Saturday, September 12, 2009

Transformers: Revenge of the Fallen

Author: Ryan Fox

Transformers 2 is really damn bad. Let’s get that out of the way, for starters.

Of course, it’s enticing to leave it at that. Think of what you could do instead of watching Transformers 2—say, read a book, go on a hike, or cultivate some racist stereotypes of your own. But a brief scan of the movie’s balance sheet reveals a fact mind-numbing enough to recall the experience of witnessing Michael Bay’s latest debacle: it generated 830 million dollars worldwide.

What is the allure? (Alien machines fighting each other. Fair enough.) What is the reward for purchasing a ticket? (None.) (Well, the Dyson Air Blade™ in the lobby restroom was pretty cool.)

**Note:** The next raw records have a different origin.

(* Let $a>0$. If either ($b\ge a+\frac12$ and $c\ge 2a$) or ($b\ge 2a$ and $c\ge a+\frac12$), subject to the condition $b+c>3a+\frac12$, then $(a,b,c)\in\mathcal{P}_{1,2}$. Moreover: (i) $(a,b,2a)\in\mathcal{P}_{1,2}$ if and only if $b>a+\frac12$, and for every $\delta>0$ and $x>0$, $${}_1F_2\left(a\,;a+\tfrac12+\delta,\,2a\,;-\tfrac{x^2}{4}\right)=\frac{2}{B\left(\delta,a+\frac12\right)}\int_0^1\mathbb{J}_{a-\frac12}^2\left(\frac{xt}{2}\right)(1-t^2)^{\delta-1}t^{2a}\,dt>0.$$ (ii) $(a,a+\frac12,c)\in\mathcal{P}_{1,2}$ if and only if $c>2a$, and for every $\epsilon>0$ and $x>0$, $${}_1F_2\left(a\,;a+\tfrac12,\,2a+\epsilon\,;-\tfrac{x^2}{4}\right)=\frac{2}{B(\epsilon,2a)}\int_0^1\mathbb{J}_{a-\frac12}^2\left(\frac{xt}{2}\right)(1-t^2)^{\epsilon-1}t^{4a-1}\,dt>0.$$
   Context: For $a,b,c>0$, ${}_1F_2\left(a\,;b,c\,;-\frac{x^2}{4}\right)=\sum_{k=0}^\infty \frac{(a)_k}{k!\,(b)_k(c)_k}\left(-\frac{x^2}{4}\right)^k$, where $(\alpha)_k=\Gamma(\alpha+k)/\Gamma(\alpha)$. $\mathcal{P}_{1,2}$ denotes the set of all triples $(a,b,c)$ of positive reals such that this function is $>0$ for all $x>0$. For $\alpha>-1$, $\mathbb{J}_\alpha(x)={}_0F_1\left(\alpha+1\,;-\frac{x^2}{4}\right)=\Gamma(\alpha+1)(x/2)^{-\alpha}J_\alpha(x)$, with $J_\alpha$ the Bessel function of the first kind. $B$ denotes Euler's beta function. *)

From Stdlib Require Import Reals Factorial.
From Coquelicot Require Import Coquelicot.
Open Scope R_scope.

Fixpoint poch (alpha : R) (k : nat) : R :=
  match k with
  | O => 1
  | S k' => poch alpha k' * (alpha + INR k')
  end.

(* 1F2(a; b, c; -x^2/4) as the sum of its power series. *)
Definition F12 (a b c x : R) : R :=
  Series (fun k => poch a k / (INR (Factorial.fact k) * poch b k * poch c k)
                   * (- x ^ 2 / 4) ^ k).

Definition P12 (a b c : R) : Prop :=
  0 < a /\ 0 < b /\ 0 < c /\ (forall x, 0 < x -> 0 < F12 a b c x).

(* Normalized Bessel function JJ_alpha(x) = 0F1(alpha+1; -x^2/4). *)
Definition JJ (alpha x : R) : R :=
  Series (fun k => (- x ^ 2 / 4) ^ k / (INR (Factorial.fact k) * poch (alpha + 1) k)).

Definition Beta (p q : R) : R :=
  RInt_gen (fun t => Rpower t (p - 1) * Rpower (1 - t) (q - 1))
           (at_right 0) (at_left 1).

(* Let w(r,q;t) = t^(2r-1) (1-t^2)^(q-1) on (0,1) and M(r,q) = \int_0^1 w(r,q;t) dt = B(q,r)/2.
   Integrating by parts gives M(r+1,q) = r/(r+q) M(r,q), so integrating the series of
   1F2(a;b,c;-x^2 t^2/4) termwise against w(c,q;.) yields
     \int_0^1 1F2(a;b,c;-x^2 t^2/4) w(c,q;t) dt = M(c,q) 1F2(a;b,c+q;-x^2/4).
   Hence raising a denominator parameter turns a nonnegative 1F2 into a positive one.
   The starting point is the Clausen-type product formula
     JJ_(a-1/2)(x/2)^2 = 1F2(a; a+1/2, 2a; -x^2/4),
   proved with a Zeilberger recurrence for the Cauchy square of the Bessel series; raising b
   and/or c from (a+1/2, 2a) gives the sufficient condition.  Conversely, x^a JJ_(a-1/2)(x)
   solves y'' + (1 - a(a-1)/x^2) y = 0, so Sturm comparison with sin(x/2) produces a positive
   zero of JJ_(a-1/2).  Then 1F2(a; a+1/2, 2a; .) vanishes somewhere, which rules out any
   triple from which it could be reached by raising b or c. *)

From Stdlib Require Import Reals Lra Lia Psatz Factorial Classical.
From Coquelicot Require Import Coquelicot.
Open Scope R_scope.

Lemma poch_pos (al : R) (k : nat) : 0 < al -> 0 < poch al k.
Proof.
  intros Hal. induction k as [|k IH]; simpl; [lra|].
  apply Rmult_lt_0_compat; [exact IH|]. pose proof (pos_INR k). lra.
Qed.

Lemma CV_radius_infinite_ratio_le (d : nat -> R) (K : R) :
  (forall n, d n <> 0) -> (forall n, Rabs (d (S n) / d n) <= K / INR (S n)) ->
  CV_radius d = p_infty.
Proof.
  intros Hd HK. apply CV_radius_infinite_DAlembert; [exact Hd|].
  apply is_lim_seq_le_le with (u := fun _ => 0) (w := fun n => K / INR (S n)).
  - intros n. split; [apply Rabs_pos | apply HK].
  - apply is_lim_seq_const.
  - replace (Finite 0) with (Rbar_mult K (Rbar_inv p_infty)) by (simpl; f_equal; ring).
    apply (is_lim_seq_scal_l (fun n => / INR (S n))).
    apply (is_lim_seq_incr_1 (fun n => / INR n)).
    apply is_lim_seq_inv; [apply is_lim_seq_INR | discriminate].
Qed.

Definition F12_coef (a b c : R) (k : nat) : R :=
  poch a k / (INR (fact k) * poch b k * poch c k).

Lemma F12_PSeries (a b c x : R) : F12 a b c x = PSeries (F12_coef a b c) (- x ^ 2 / 4).
Proof. reflexivity. Qed.

Lemma F12_coef_pos (a b c : R) (k : nat) : 0 < a -> 0 < b -> 0 < c -> 0 < F12_coef a b c k.
Proof.
  intros Ha Hb Hc. unfold F12_coef. pose proof (INR_fact_lt_0 k).
  pose proof (poch_pos a k Ha). pose proof (poch_pos b k Hb). pose proof (poch_pos c k Hc).
  apply Rdiv_lt_0_compat; [lra|]. apply Rmult_lt_0_compat; [apply Rmult_lt_0_compat|]; lra.
Qed.

Lemma F12_coef_S (a b c : R) (k : nat) : 0 < b -> 0 < c ->
  F12_coef a b c (S k) = F12_coef a b c k * (a + INR k) / (INR (S k) * (b + INR k) * (c + INR k)).
Proof.
  intros Hb Hc. unfold F12_coef. rewrite fact_simpl, mult_INR. simpl poch.
  pose proof (INR_fact_lt_0 k). pose proof (poch_pos b k Hb). pose proof (poch_pos c k Hc).
  pose proof (pos_INR k). rewrite S_INR. field. repeat split; lra.
Qed.

Lemma CV_radius_F12_coef (a b c : R) : 0 < a -> 0 < b -> 0 < c ->
  CV_radius (F12_coef a b c) = p_infty.
Proof.
  intros Ha Hb Hc. apply CV_radius_infinite_ratio_le with (K := (a + b) / (b * c)).
  - intros n. apply Rgt_not_eq, F12_coef_pos; assumption.
  - intros n. rewrite F12_coef_S, S_INR by assumption.
    pose proof (F12_coef_pos a b c n Ha Hb Hc). pose proof (pos_INR n) as Hk. set (k := INR n) in *.
    replace (F12_coef a b c n * (a + k) / ((k + 1) * (b + k) * (c + k)) / F12_coef a b c n)
      with ((a + k) / ((k + 1) * (b + k) * (c + k))) by (field; repeat split; lra).
    rewrite Rabs_pos_eq by (apply Rlt_le, Rdiv_lt_0_compat; [|repeat apply Rmult_lt_0_compat]; lra).
    apply Rle_div_l; [repeat apply Rmult_lt_0_compat; lra|].
    replace ((a + b) / (b * c) / (k + 1) * ((k + 1) * (b + k) * (c + k)))
      with ((a + b) * (b + k) * (c + k) / (b * c)) by (field; lra).
    apply Rle_div_r; [nra|].
    assert (0 <= (a + b) * (b + k) * k) by (apply Rmult_le_pos; [apply Rmult_le_pos|]; lra).
    assert (0 <= c * (a * k + b * b)) by (apply Rmult_le_pos; nra).
    nra.
Qed.

(** * Improper integrals over (0,1) *)

Section RealLimits.
Context {T : Type} {F : (T -> Prop) -> Prop} {FF : Filter F}.

Lemma filterlim_R_plus (f g : T -> R) (lf lg : R) :
  filterlim f F (locally lf) -> filterlim g F (locally lg) ->
  filterlim (fun x => f x + g x) F (locally (lf + lg)).
Proof. intros Hf Hg. exact (filterlim_comp_2 f g Rplus Hf Hg (filterlim_plus lf lg)). Qed.

Lemma filterlim_R_scal (c : R) (f : T -> R) (l : R) :
  filterlim f F (locally l) -> filterlim (fun x => c * f x) F (locally (c * l)).
Proof. intros Hf. eapply filterlim_comp; [exact Hf | exact (filterlim_scal_r c l)]. Qed.

Lemma filterlim_R_minus (f g : T -> R) (lf lg : R) :
  filterlim f F (locally lf) -> filterlim g F (locally lg) ->
  filterlim (fun x => f x - g x) F (locally (lf - lg)).
Proof.
  intros Hf Hg. replace (lf - lg) with (lf + -1 * lg) by ring.
  apply (filterlim_ext (fun x => f x + -1 * g x)); [intros; ring|].
  apply filterlim_R_plus; [exact Hf | now apply filterlim_R_scal].
Qed.

End RealLimits.

Lemma continuous_R_plus (f g : R -> R) (x : R) :
  continuous f x -> continuous g x -> continuous (fun y => f y + g y) x.
Proof. exact (@continuous_plus R_UniformSpace R_AbsRing R_NormedModule f g x). Qed.

Lemma continuous_R_minus (f g : R -> R) (x : R) :
  continuous f x -> continuous g x -> continuous (fun y => f y - g y) x.
Proof. exact (@continuous_minus R_UniformSpace R_AbsRing R_NormedModule f g x). Qed.

Lemma continuous_R_mult (f g : R -> R) (x : R) :
  continuous f x -> continuous g x -> continuous (fun y => f y * g y) x.
Proof. exact (@continuous_mult R_UniformSpace R_AbsRing f g x). Qed.

Lemma is_derive_ext_val (f g : R -> R) (x l l' : R) :
  (forall y, f y = g y) -> l = l' -> is_derive f x l -> is_derive g x l'.
Proof. intros Efg <- Hf. exact (is_derive_ext f g x l Efg Hf). Qed.

Lemma at_right_0_iff (P : R -> Prop) :
  at_right 0 P <-> exists d, 0 < d /\ forall y, 0 < y < d -> P y.
Proof.
  split.
  - intros [d H]. exists d. split; [apply cond_pos|]. intros y Hy. apply H; [|lra].
    change (Rabs (y - 0) < d). rewrite Rminus_0_r, Rabs_pos_eq; lra.
  - intros [d [Hd H]]. exists (mkposreal d Hd). intros y By Hy. apply H. split; [exact Hy|].
    change (Rabs (y - 0) < d) in By. apply Rabs_def2 in By. lra.
Qed.

Lemma at_left_1_iff (P : R -> Prop) :
  at_left 1 P <-> exists d, 0 < d /\ forall y, 1 - d < y < 1 -> P y.
Proof.
  split.
  - intros [d H]. exists d. split; [apply cond_pos|]. intros y Hy. apply H; [|lra].
    change (Rabs (y - 1) < d). apply Rabs_def1; lra.
  - intros [d [Hd H]]. exists (mkposreal d Hd). intros y By Hy. apply H. split; [|exact Hy].
    change (Rabs (y - 1) < d) in By. apply Rabs_def2 in By. lra.
Qed.

Lemma at_right_0_open01 : at_right 0 (fun y => 0 < y < 1).
Proof. apply at_right_0_iff. exists 1. split; [lra | auto]. Qed.

Lemma at_left_1_open01 : at_left 1 (fun y => 0 < y < 1).
Proof. apply at_left_1_iff. exists 1. split; [lra | intros; lra]. Qed.

Lemma filter_prod_open01 :
  filter_prod (at_right 0) (at_left 1) (fun ab => 0 < fst ab < 1/2 /\ 1/2 < snd ab < 1).
Proof.
  apply (Filter_prod _ _ _ (fun a => 0 < a < 1/2) (fun b => 1/2 < b < 1)); [| | now split].
  - apply at_right_0_iff. exists (1/2). split; [lra | auto].
  - apply at_left_1_iff. exists (1/2). split; [lra | intros; lra].
Qed.

Lemma filterlim_one_minus_at_right_0 : filterlim (fun s => 1 - s) (at_right 0) (at_left 1).
Proof.
  intros P HP. apply at_left_1_iff in HP as [d [Hd HP]].
  apply at_right_0_iff. exists d. split; [exact Hd|]. intros y Hy. apply HP. lra.
Qed.

Lemma nondecr_lim_at_left_1 (P : R -> R) (K : R) :
  (forall x y, 0 < x <= y -> y < 1 -> P x <= P y) -> (forall x, 0 < x < 1 -> P x <= K) ->
  exists L, filterlim P (at_left 1) (locally L).
Proof.
  intros Hmono Hbnd.
  set (E := fun z => exists y, 0 < y < 1 /\ z = P y).
  destruct (completeness E) as [m [Hub Hlub]].
  { exists K. intros z [y [Hy ->]]. now apply Hbnd. }
  { exists (P (1/2)), (1/2). split; [lra | reflexivity]. }
  exists m. apply filterlim_locally. intros eps.
  assert (Hclose : exists y0, 0 < y0 < 1 /\ m - eps < P y0).
  { apply not_all_not_ex. intros Hfar.
    enough (m <= m - eps) by (pose proof (cond_pos eps); lra).
    apply Hlub. intros z [y [Hy ->]]. apply Rnot_lt_le. intros Hlt. apply (Hfar y). now split. }
  destruct Hclose as [y0 [Hy0 Hlt]].
  apply at_left_1_iff. exists (1 - y0). split; [lra|]. intros y Hy.
  assert (P y <= m) by (apply Hub; exists y; split; [lra | reflexivity]).
  assert (P y0 <= P y) by (apply Hmono; lra).
  change (Rabs (P y - m) < eps). apply Rabs_def1; pose proof (cond_pos eps); lra.
Qed.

Um, so, plot. Let’s see. Autobots (good robots) fight Decepticons (evil robots), on earth, while earthlings do their best to meddle and prolong matters. By God, do they ever succeed; the movie clocks in at a good two-and-a-half hours, and that’s pretty much one solid action scene.

Speaking of action scenes (well, scene—the two-and-a-half hour one)—the hyper-fast chases, mechanical explosions, and eye-dazzling robotic metamorphoses were neat enough in the first incarnation of the series. Regrettably, Bay has done little to transform (as it were) the action into anything substantial or innovative. The criticism is obvious: this movie is less than meets the eye. And in an IMAX setting, with surround sound, the action sequences—err, sequence—is literally headache-inducing by the end.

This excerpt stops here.